§ **What you have to do**: Every line in the listing below from the one with "by split=> //" through the one with "Lemma AutPomega_id : AutPomega id." is to be reproduced exactly, both ends included; leave out the rest.

────────────────

Lemma order_aut_inv f fi : order_aut f -> cancel f fi -> cancel fi f ->
  order_aut fi.
Proof.
move=> [_ f_mono] fK fiK; split; first by exists f.
by move=> A B; rewrite (f_mono (fi A)) !fiK.
Qed.

(* Singletons are the atoms of (set T, ⊆), so an order automorphism permutes them. *)
Lemma order_aut_set1 g x : order_aut g -> exists y, g [set x] = [set y].
Proof.
move=> [[gi gK giK] g_mono].
have g0 : g set0 = set0.
  by rewrite -subset0 -{2}(giK set0); apply: (g_mono _ _).1 => ? [].
have set1N0 (z : T) : [set z] <> set0 by move=> /seteqP[/(_ z erefl)].
have [y gxy] : g [set x] !=set0.
  by apply/set0P/eqP => gx0; apply: (set1N0 x); rewrite -(gK [set x]) gx0 -{1}g0 gK.
have /subset_set1[gy0|gyx] : gi [set y] `<=` [set x].
- by apply: (g_mono _ _).2; rewrite giK => _ ->.
- by exfalso; apply: (set1N0 y); rewrite -(giK [set y]) gy0 g0.
by exists y; rewrite -gyx giK.
Qed.

Lemma set1_inj (a b : T) : [set a] = [set b] -> a = b.
Proof. by move=> ab; have : [set a] a by []; rewrite ab. Qed.

Lemma order_autP g : order_aut g -> exists s si, inv_pair s si /\ g = img s.
Proof.
move=> ag; have [[gi gK giK] g_mono] := ag.
have agi := order_aut_inv ag gK giK.
have [s gs] := choice (fun x => order_aut_set1 x ag).
have [si gis] := choice (fun x => order_aut_set1 x agi).
have sK : cancel s si by move=> x; apply/set1_inj; rewrite -gis -gs gK.
have siK : cancel si s by move=> x; apply/set1_inj; rewrite -gs -gis giK.
exists s, si; split => //; apply: funext => A; apply/seteqP; split => y.
  move=> gAy; exists (si y); last exact: siK.
  by apply: (g_mono [set si y] A).2 => [|//]; rewrite gs siK => _ ->.
by case=> x Ax <-; apply: (g_mono [set x] A).1 => [_ -> //|]; rewrite gs.
Qed.

Definition same_atom (fam : set (set T)) x y := forall S, fam S -> (S x <-> S y).

Definition atom fam x := [set y | same_atom fam x y].

Lemma same_atom_sym fam x y : same_atom fam x y -> same_atom fam y x.
Proof. by move=> xy S fS; apply: iff_sym (xy S fS). Qed.

Lemma same_atom_trans fam x y z :
  same_atom fam x y -> same_atom fam y z -> same_atom fam x z.
Proof. by move=> xy yz S fS; apply: iff_trans (xy S fS) (yz S fS). Qed.

Lemma atom_eq fam x y : same_atom fam x y -> atom fam x = atom fam y.
Proof.
move=> xy; apply/seteqP; split => z /=; last exact: same_atom_trans.
exact: same_atom_trans (same_atom_sym xy).
Qed.

Lemma same_atom_inv fam s si : inv_pair s si ->
  (forall x, same_atom fam x (s x)) -> forall x, same_atom fam x (si x).
Proof. by move=> [_ siK] s_atom x; apply: same_atom_sym; rewrite -{2}(siK x). Qed.

Lemma pstab_imgP fam s si : inv_pair s si ->
  pstab order_aut fam (img s) <-> forall x, same_atom fam x (s x).
Proof.
move=> [sK siK]; split.
  move=> [_ fix_fam] x S fS; have sS := fix_fam S fS; split => [Sx|Ssx].
    by rewrite -sS; exists x.
  by have [y Sy /(can_inj sK) <-] : img s S (s x) by rewrite sS.
move=> s_atom; split; first exact: order_aut_img (conj sK siK).
move=> S fS; apply/seteqP; split => y; first by case=> x Sx <-; apply/(s_atom x S fS).
by move=> Sy; exists (si y); [apply/(s_atom _ S fS); rewrite siK | exact: siK].
Qed.

End SetAutomorphisms.

Lemma comp_idK (U : Type) (f g : U -> U) : f \o g = id -> cancel g f.
Proof. by move=> fg x; rewrite -[RHS]/(id x) -fg. Qed.

Section PointwiseStabilizers.
Variables (X : Type) (Gamma : set (X -> X)).
Hypothesis Gamma_id : Gamma id.
Hypothesis Gamma_comp : forall f g, Gamma f -> Gamma g -> Gamma (f \o g).
Hypothesis Gamma_inv :
  forall f, Gamma f -> exists2 h, Gamma h & h \o f = id /\ f \o h = id.

Lemma pstab_subgroup a b : a `<=` b -> subgroup_of (pstab Gamma b) (pstab Gamma a).
Proof.
move=> ab; split.
- by move=> f [Gf f_fix]; split => // x /ab; apply: f_fix.
- by split.
- move=> f g [Gf f_fix] [Gg g_fix].
  by split=> [|x bx /=]; rewrite ?g_fix ?f_fix //; apply: Gamma_comp.
- move=> f [Gf f_fix]; have [h Gh [hf fh]] := Gamma_inv Gf; exists h => //.
  by split=> // x bx; rewrite -[in LHS](f_fix x bx) (comp_idK hf).
Qed.

Lemma pstab_normal a b : a `<=` b ->
  (forall g gi, pstab Gamma a g -> gi \o g = id -> g \o gi = id ->
     forall x, b x -> b (gi x)) ->
  normal_subgroup_of (pstab Gamma b) (pstab Gamma a).
Proof.
move=> ab b_inv; split; first exact: pstab_subgroup.
move=> g gi n ag gig ggi [Gn n_fix].
have [h Gh [hg gh]] := Gamma_inv ag.1.
have gih : gi = h.
  by apply: funext => x; rewrite -(comp_idK gig (h x)) (comp_idK gh).
split; first by rewrite gih; exact: Gamma_comp (Gamma_comp ag.1 Gn) Gh.
move=> x bx /=; rewrite n_fix; last exact: b_inv ag gig ggi x bx.
exact: comp_idK ggi x.
Qed.

End PointwiseStabilizers.

Lemma finite_dynamical_ideal (X : Type) (Gamma : set (X -> X)) :
  dynamical_ideal Gamma [set a | finite_set a].
Proof.
split.
- by move=> a b fin_b /sub_finite_set; apply.
- by move=> a b fin_a fin_b; rewrite /= finite_setU.
- exact: finite_set1.
- by move=> g a _; apply: finite_image.
Qed.

Lemma AutPomega_id : AutPomega id.
Proof. exact: order_aut_id. Qed.

Lemma AutPomega_comp f g : AutPomega f -> AutPomega g -> AutPomega (f \o g).
Proof. exact: order_aut_comp. Qed.

Lemma AutPomega_inv f :
  AutPomega f -> exists2 h, AutPomega h & h \o f = id /\ f \o h = id.
Proof.
move=> af; have [[h fK hK] _] := af; exists h; first exact: order_aut_inv af fK hK.
by split; apply: funext => x /=; rewrite ?fK ?hK.
Qed.

(** * Failure of simplicity *)

Definition swap01 (n : nat) : nat :=
  if n == 0%N then 1%N else if n == 1%N then 0%N else n.

Lemma swap01K : cancel swap01 swap01.
Proof. by case=> [|[|n]]. Qed.

Lemma not_simple_Pomega : ~ simple_dyn AutPomega FinIdeal.
Proof.
pose pair01 : set nat := [set 0%N; 1%N].
pose a : set Pomega := [set pair01].
pose b : set Pomega := [set pair01; [set 0%N]; [set 1%N]].
have ab : a `<=` b by move=> _ ->; left; left.
have b_normal : normal_subgroup_of (pstab AutPomega b) (pstab AutPomega a).
  apply: (pstab_normal AutPomega_id AutPomega_comp AutPomega_inv ab).
  move=> g gi ag gig _ S bS.
  have gi01 : gi pair01 = pair01 by rewrite -{1}(ag.2 pair01 erefl) comp_idK.
  have [s [si [ssi gs]]] := order_autP ag.1.
  rewrite gs in ag gig; have s_atom := (pstab_imgP a ssi).1 ag.
  have si01 x : pair01 x -> pair01 (si x).
    exact: (same_atom_inv ssi s_atom x (erefl : a pair01)).1.
  have img_set1 x : pair01 x -> b (img si [set x]).
    by move=> /si01[]si_x; rewrite /img image_set1 si_x; [left; right | right].
  rewrite (img_inv_left ssi gig) in gi01 *.
  case: bS => [[->|->]|->]; first by rewrite gi01; left; left.
    by apply: img_set1; left.
  by apply: img_set1; right.
move=> /(_ a b (finite_set1 _) (finite_set3 _ _ _) ab _ b_normal (@subset_refl _ _)) ba.
have swap_a : pstab AutPomega a (img swap01).
  apply/(pstab_imgP _ (conj swap01K swap01K)) => x _ ->.
  by case: x => [|[|x]]; rewrite /pair01 /swap01 /=; intuition.
rewrite -ba in swap_a.
have b0 : b [set 0%N] by left; right.
by have := ((pstab_imgP _ (conj swap01K swap01K)).1 swap_a 0%N _ b0).1 erefl.
Qed.

(** * Infinite sets of naturals *)

Definition bij_on (A B : set nat) (f g : nat -> nat) :=
  (forall x, A x -> B (f x) /\ g (f x) = x) /\
  (forall y, B y -> A (g y) /\ f (g y) = y).

Definition splits (A E : set nat) :=
  infinite_set (A `&` E) /\ infinite_set (A `\` E).

Lemma infinite_range (h : nat -> nat) : injective h -> infinite_set (range h).
Proof.
move=> h_inj; have : (range h #= [set: nat])%card.
  by apply: inj_card_eq => x y _ _; apply: h_inj.
by move/eq_finite_set => ->; exact: infinite_nat.
Qed.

────────────────

§ **Answer to this task**:
  by split=> // x bx; rewrite -[in LHS](f_fix x bx) (comp_idK hf).
Qed.

Lemma pstab_normal a b : a `<=` b ->
  (forall g gi, pstab Gamma a g -> gi \o g = id -> g \o gi = id ->
     forall x, b x -> b (gi x)) ->
  normal_subgroup_of (pstab Gamma b) (pstab Gamma a).
Proof.
move=> ab b_inv; split; first exact: pstab_subgroup.
move=> g gi n ag gig ggi [Gn n_fix].
have [h Gh [hg gh]] := Gamma_inv ag.1.
have gih : gi = h.
  by apply: funext => x; rewrite -(comp_idK gig (h x)) (comp_idK gh).
split; first by rewrite gih; exact: Gamma_comp (Gamma_comp ag.1 Gn) Gh.
move=> x bx /=; rewrite n_fix; last exact: b_inv ag gig ggi x bx.
exact: comp_idK ggi x.
Qed.

End PointwiseStabilizers.

Lemma finite_dynamical_ideal (X : Type) (Gamma : set (X -> X)) :
  dynamical_ideal Gamma [set a | finite_set a].
Proof.
split.
- by move=> a b fin_b /sub_finite_set; apply.
- by move=> a b fin_a fin_b; rewrite /= finite_setU.
- exact: finite_set1.
- by move=> g a _; apply: finite_image.
Qed.

Lemma AutPomega_id : AutPomega id.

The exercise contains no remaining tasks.